The forgotten pillowcase…

I forgot to post my finished pillowcase a few weeks ago—this was the only thing I could focus on this winter when I was taking steroids. Steroids not only cause me acute insomnia but they make me very agitated and unable to focus. Knitting is usually calming for me but I couldn’t focus on the pattern—plain simple embroidery did the trick, giving me something to do without much brain drain. I did forget to switch to yellow for the center of the second flower so did the same thing on the third flower on purpose. Then I found a stain that would not come out after three tries and a flaw on the reverse and then a small hole. Whatever. I did a very simple crocheted border and flat-felled seams to enclose the raw edges. I can still use it to store a quilt. A note about storing quilts: NEVER store them or transport them in plastic bags, especially black plastic garbage bags. Quilters (even professionals) have lost their quilts at retreats and conventions because the maintenance crew thought the bags contained garbage. Ouch.

Pillowcase

Pillowcase

Here is the simple edging I did with #10 crochet thread and a size 6 crochet hook:

Round 1: Single crochet around.

Round 2: *(3dc, ch1, 3dc) in next sc, sk 1 sc, sc in next st, sk 1 sc, repeat from * to end.

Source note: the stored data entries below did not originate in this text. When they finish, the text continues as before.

(* The $k$-linear category $k[\Delta_{a,\mathrm{inj}}]$ is free as a left and as a right $u_a(\Omega_a)$-module, where $u_a(\Omega_a)$ denotes the image of the $k$-linear functor $u_a\colon\Omega_a\to k[\Delta_{a,\mathrm{inj}}]$.
   Context: Let $k$ be a field. For a small category $\mathcal C$, $k[\mathcal C]$ is its $k$-linearization: same objects, $k[\mathcal C](x,y)$ the $k$-vector space with basis $\mathrm{Hom}_{\mathcal C}(x,y)$, composition extended bilinearly. $\Delta_{a,\mathrm{inj}}$ is the category with objects $[n]=\{0<1<\dots<n\}$ for $n\ge0$ and $[-1]=\varnothing$, and injective order-preserving maps as morphisms; for $0\le i\le n$ (and $n\ge 0$), $\delta^i\colon[n-1]\to[n]$ is the injective order-preserving map omitting $i$ (so $\delta^0\colon[-1]\to[0]$ is the empty map). $\Omega_a$ is the $k$-linear category with objects $[n]$, $n\ge -1$, generated by arrows $d_n\colon[n-1]\to[n]$ for $n\ge 0$ subject only to the relations $d_{n+1}d_n=0$ for $n\ge0$. The $k$-linear functor $u_a\colon\Omega_a\to k[\Delta_{a,\mathrm{inj}}]$ is the identity on objects and sends $d_n\mapsto\sum_{i=0}^n(-1)^i\delta^i$. *)

From HB Require Import structures.
From mathcomp Require Import all_boot all_order all_algebra zify.
Set Implicit Arguments. Unset Strict Implicit. Unset Printing Implicit Defensive.
Import GRing.Theory.
Local Open Scope ring_scope.

(* Object [n] of Delta_{a,inj} (n >= -1) is encoded by its cardinality N = n+1 : nat,
   i.e. by the finite ordinal 'I_N = {0 < ... < N-1}.  [-1] = empty set <-> 0. *)

Definition incrb p q (f : {ffun 'I_p -> 'I_q}) : bool :=
  [forall i : 'I_p, forall j : 'I_p, (i < j)%N ==> (f i < f j)%N].

Record dhom (p q : nat) := DHom { dfun :> {ffun 'I_p -> 'I_q}; dfunP : incrb dfun }.
HB.instance Definition _ p q := [isSub for @dfun p q].
HB.instance Definition _ p q := [Finite of dhom p q by <:].

Lemma dcomp_incr p q r (g : dhom q r) (f : dhom p q) :
  incrb [ffun i => g (f i)].
Proof.
apply/forallP => i; apply/forallP => j; apply/implyP => lij.
rewrite !ffunE.
have /forallP/(_ i)/forallP/(_ j)/implyP Hf := dfunP f.
have /forallP/(_ (f i))/forallP/(_ (f j))/implyP Hg := dfunP g.
exact: Hg (Hf lij).
Qed.

Definition dcomp p q r (g : dhom q r) (f : dhom p q) : dhom p r :=
  DHom (dcomp_incr g f).

Lemma lift_incr N (i : 'I_N.+1) : incrb [ffun j : 'I_N => lift i j].
Proof.
apply/forallP => a; apply/forallP => b; apply/implyP => lab.
rewrite !ffunE /= /bump.
case: (leqP i a) => ha; case: (leqP i b) => hb /=; lia.
Qed.

Definition delta N (i : 'I_N.+1) : dhom N N.+1 := DHom (lift_incr i).

(* The k-linearization k[Delta_{a,inj}]: hom space = k-vector space with basis dhom p q. *)
Notation kD k p q := {ffun dhom p q -> (k : fieldType)^o} (only parsing).

Section Lin.
Variable k : fieldType.

Definition bvec p q (f : dhom p q) : kD k p q := [ffun g => (g == f)%:R].

Definition kcomp p q r (b : kD k q r) (a : kD k p q) : kD k p r :=
  [ffun h => \sum_(g : dhom q r) \sum_(f : dhom p q)
              (dcomp g f == h)%:R * (b g * a f)].

(* identity of object m (and 0 when m <> n) *)
Definition kid m n : kD k m n :=
  [ffun f : dhom m n => ((m == n) && [forall i : 'I_m, val (f i) == val i])%:R].

Definition ua_d N : kD k N N.+1 :=
  \sum_(i : 'I_N.+1) ((-1) ^+ i) *: bvec (delta i).

(* image under u_a of the unique composable path of generators d from m to n
   (the identity if m = n, d_n ... d_{m+1} if m < n; 0 if m > n, where the
   hom space is zero anyway).  Omega_a(m,n) is spanned by this path. *)
Fixpoint ua_path m n : kD k m n :=
  match n with
  | 0 => kid m 0
  | n'.+1 => if m == n'.+1 then kid m n'.+1 else kcomp (ua_d n') (ua_path m n')
  end.

Definition inImg m n (x : kD k m n) : Prop := exists c : k, x = c *: ua_path m n.

(* k[Delta](p,-) is a free left u_a(Omega_a)-module (action by postcomposition):
   there are elements E z (for each object z, a list of elements of k[Delta](p,z))
   such that for every object q the map
     (beta_{z,j} in u_a(Omega_a)(z,q))  |->  sum_{z,j} beta_{z,j} o E z j
   is bijective.  (Objects z > q contribute nothing: k[Delta](z,q) = 0.) *)
Definition left_free_at (p : nat) : Prop :=
  exists E : forall z : nat, seq (kD k p z),
  forall q : nat,
    (forall x : kD k p q,
       exists beta : forall (z : 'I_q.+1) (j : 'I_(size (E z))), kD k z q,
         (forall z j, inImg (beta z j)) /\
         x = \sum_(z : 'I_q.+1) \sum_(j : 'I_(size (E z)))
               kcomp (beta z j) (nth 0 (E z) j)) /\
    (forall beta : forall (z : 'I_q.+1) (j : 'I_(size (E z))), kD k z q,
       (forall z j, inImg (beta z j)) ->
       \sum_(z : 'I_q.+1) \sum_(j : 'I_(size (E z)))
            kcomp (beta z j) (nth 0 (E z) j) = 0 ->
       forall z j, beta z j = 0).

(* k[Delta](-,q) is a free right u_a(Omega_a)-module (action by precomposition);
   generators live in k[Delta](z,q), hence z <= q. *)
Definition right_free_at (q : nat) : Prop :=
  exists E : forall z : 'I_q.+1, seq (kD k z q),
  forall p : nat,
    (forall x : kD k p q,
       exists beta : forall (z : 'I_q.+1) (j : 'I_(size (E z))), kD k p z,
         (forall z j, inImg (beta z j)) /\
         x = \sum_(z : 'I_q.+1) \sum_(j : 'I_(size (E z)))
               kcomp (nth 0 (E z) j) (beta z j)) /\
    (forall beta : forall (z : 'I_q.+1) (j : 'I_(size (E z))), kD k p z,
       (forall z j, inImg (beta z j)) ->
       \sum_(z : 'I_q.+1) \sum_(j : 'I_(size (E z)))
            kcomp (nth 0 (E z) j) (beta z j) = 0 ->
       forall z j, beta z j = 0).

End Lin.

(* Because [d_(n+1) d_n = 0], the image of [u_a] from [z] to [q] is spanned by the
   identity when [z = q], by [u_a d_q] when [z = q - 1], and is zero otherwise.  Both
   freeness statements thus ask for a basis of k[Delta](p, q) made of two blocks, and
   both bases are unitriangular with respect to suitable pivots.  Write [dmin f] for
   the least value of [f]; then [delta^i f = delta^0 f] exactly when [i <= dmin f].
   Left: the generators are the [f] with [dmin f] even.  The maps with [dmin f] odd are
   exactly the [delta^0 g] with [dmin g] even, and [d g = sum_i (-1)^i delta^i g] has
   coefficient [sum_(i <= dmin g) (-1)^i = 1] at [delta^0 g] and vanishes at every
   other [delta^0 g'], whose least value has the wrong parity.
   Right: the generators are the [e] with [dmin e = 0].  The maps missing [0] are
   exactly the [e delta^0] with [e 0 = 0], and [e d] has coefficient 1 at
   [e delta^0] and vanishes at every other [e' delta^0]. *)

From mathcomp Require Import all_boot all_order all_algebra zify.
Set Implicit Arguments. Unset Strict Implicit. Unset Printing Implicit Defensive.
Import Order.TTheory GRing.Theory.
Local Open Scope ring_scope.

Lemma dhom_ext a b (f g : dhom a b) : (forall i, val (f i) = val (g i)) -> f = g.
Proof. by move=> eq_fg; apply/val_inj/ffunP => i; apply/val_inj/eq_fg. Qed.

Lemma dhom_lt a b (f : dhom a b) (i j : 'I_a) : (i < j)%N -> (f i < f j)%N.
Proof. by have /forallP/(_ i)/forallP/(_ j)/implyP := dfunP f. Qed.

Lemma dhom_le a b (f : dhom a b) (i j : 'I_a) : (i <= j)%N -> (f i <= f j)%N.
Proof. by rewrite leq_eqVlt => /predU1P[/val_inj -> // | /(dhom_lt f)/ltnW]. Qed.

Lemma dhom_inj a b (f : dhom a b) : injective f.
Proof.
move=> i j eq_f; case: (ltngtP i j) => [lt_ij|lt_ji|/val_inj //].
- by have := dhom_lt f lt_ij; rewrite eq_f ltnn.
- by have := dhom_lt f lt_ji; rewrite eq_f ltnn.
Qed.

Lemma dhom_leq a b (f : dhom a b) : (a <= b)%N.
Proof. by rewrite -[a]card_ord -[b]card_ord; apply: leq_card (@dhom_inj _ _ f). Qed.

Lemma dhom_of_incr a b (g : 'I_a -> 'I_b) :
  {homo g : i j / (i < j)%N} -> exists f : dhom a b, forall i, f i = g i.
Proof.
move=> g_incr; have incr_g : incrb [ffun i => g i].
  by apply/forallP => i; apply/forallP => j; apply/implyP; rewrite !ffunE; apply: g_incr.
by exists (DHom incr_g) => i; rewrite ffunE.
Qed.

Lemma dcompE p q r (g : dhom q r) (f : dhom p q) i : dcomp g f i = g (f i).
Proof. by rewrite ffunE. Qed.

Lemma deltaE n (i : 'I_n.+1) j : delta i j = lift i j.
Proof. by rewrite ffunE. Qed.

Lemma did_incr n : incrb [ffun i : 'I_n => i].
Proof. by apply/forallP => i; apply/forallP => j; apply/implyP; rewrite !ffunE. Qed.

Definition did n : dhom n n := DHom (did_incr n).

Lemma dcomp_id p q (f : dhom p q) : dcomp (did q) f = f.
Proof. by apply: dhom_ext => i; rewrite !ffunE. Qed.

Lemma dcomp_idr p q (f : dhom p q) : dcomp f (did p) = f.
Proof. by apply: dhom_ext => i; rewrite !ffunE. Qed.

(* [b] for the empty source: the identity of the empty object is then a generator on
   both sides. *)
Definition dmin a b (f : dhom a b) : nat := \big[minn/b]_(i : 'I_a) val (f i).

Lemma dminP a b (f : dhom a b) m :
  reflect ((m <= b)%N /\ forall i, (m <= f i)%N) (m <= dmin f)%N.
Proof.
have := @bigmin_geP _ nat _ b m xpredT (fun i => val (f i)).
rewrite /dmin -minEnat => minP.
by apply: (iffP minP) => -[le_m le_mf]; split=> // i; [apply: le_mf | move=> _; apply: le_mf].
Qed.

Lemma dmin_le_id a b (f : dhom a b) : (dmin f <= b)%N.
Proof. by have /dminP[] := leqnn (dmin f). Qed.

Lemma dmin_le a b (f : dhom a b) i : (dmin f <= f i)%N.
Proof. by have /dminP[_] := leqnn (dmin f). Qed.

Lemma dmin0 b (f : dhom 0 b) : dmin f = b.
Proof. by rewrite /dmin big_ord0. Qed.

Lemma dminS a b (f : dhom a.+1 b) : dmin f = f ord0.
Proof.
apply/eqP; rewrite eqn_leq dmin_le; apply/dminP; split; first exact: ltnW.
by move=> i; apply: dhom_le.
Qed.

Lemma dmin_id n (f : dhom n n) : dmin f = 0%N.
Proof.
case: n f => [|n] f; first by rewrite dmin0.
have [g _ fK] := injF_bij (@dhom_inj _ _ f).
by apply/eqP; rewrite -leqn0; have := dmin_le f (g ord0); rewrite fK.
Qed.

Lemma eq_delta_dcomp0 p n (f : dhom p n) (i : 'I_n.+1) :
  (dcomp (delta i) f == dcomp (delta ord0) f) = (i <= dmin f)%N.
Proof.
apply/eqP/dminP => [eq_f | [_ le_if]].
  split=> [|x]; first by rewrite -ltnS.
  have := congr1 (fun h : dhom p n.+1 => val (h x)) eq_f.
  by rewrite !dcompE !deltaE /= /bump leq0n; case: (i <= f x)%N => // /addIn.
by apply: dhom_ext => x; rewrite !dcompE !deltaE /= /bump leq0n le_if.
Qed.

Lemma dmin_delta0 p n (f : dhom p n) : dmin (dcomp (delta ord0) f) = (dmin f).+1.
Proof.
case: p f => [|p] f; first by rewrite !dmin0.
by rewrite !dminS dcompE deltaE lift0.
Qed.

Lemma dmin_dcomp_delta p n (f : dhom p n) (i : 'I_n.+1) :
  (dmin f < i)%N -> dmin (dcomp (delta i) f) = dmin f.
Proof.
case: p f => [|p] f; first by rewrite dmin0 ltnNge -ltnS ltn_ord.
by rewrite !dminS dcompE deltaE /= /bump => lt_fi; rewrite leqNgt lt_fi.
Qed.

Lemma dcomp_delta_inj p n (i : 'I_n.+1) : injective (@dcomp p n n.+1 (delta i)).
Proof.
move=> f g eq_fg; apply: dhom_ext => x.
by have := congr1 (fun h : dhom p n.+1 => h x) eq_fg; rewrite !dcompE !deltaE => /lift_inj ->.
Qed.

Lemma dmin_gt0_factor p n (x : dhom p n.+1) :
  (0 < dmin x)%N -> exists f : dhom p n, dcomp (delta ord0) f = x.
Proof.
move=> dmin_gt0; have x_gt0 i : (0 < x i)%N := leq_trans dmin_gt0 (dmin_le x i).
have lt_xn i : ((x i).-1 < n)%N by rewrite -ltnS prednK.
have [f fE] : exists f : dhom p n, forall i, f i = Ordinal (lt_xn i).
  apply: dhom_of_incr => i j /(dhom_lt x) /=.
  by have := x_gt0 i; rewrite -!subn1; lia.
by exists f; apply: dhom_ext => i; rewrite dcompE deltaE /= fE /bump add1n prednK.
Qed.

Lemma dmin_dcomp_delta0 p q (e : dhom p.+1 q) : (e ord0 < dmin (dcomp e (delta ord0)))%N.
Proof.
apply/dminP; split=> [|x]; first exact: ltn_ord.
by rewrite dcompE deltaE; apply: dhom_lt; rewrite lift0.
Qed.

Stay tuned for another post before day’s end.

Applique Adventures

When you’ve been away from a project for more than a week, you tend to lose your place.  Finding nothing on the ironing board, I searched the studio and remembered I had decided to hand applique some wool to the first set of leaves, which looked too flat and boring.  I had already removed one leaf, which was glued down to the background, to make a longer stem to run into the seam line.  As I previously showed, I used small dots of Roxanne’s-Glue-Baste-It! and it peeled right up.  This is all part of a group project.  My panel is in shades of orange.  I was in a bit of a hurry when I hand appliqued the wool pieces down – my nose was running non-stop. I had thought of stuffing cotton up my nares and mouth breathing but opted for abandoning the project for the day.  My hiatus lasted eight days.  I’m not any too pleased with my handiwork upon closer inspection and proceed on leaf #3 using two strands of floss instead of three and making my stitches closer together.  This lies much flatter so now I’ll rip out the first two leaves, trim the edges and restitch.  This has given a little bit of dimension to this set of leaves.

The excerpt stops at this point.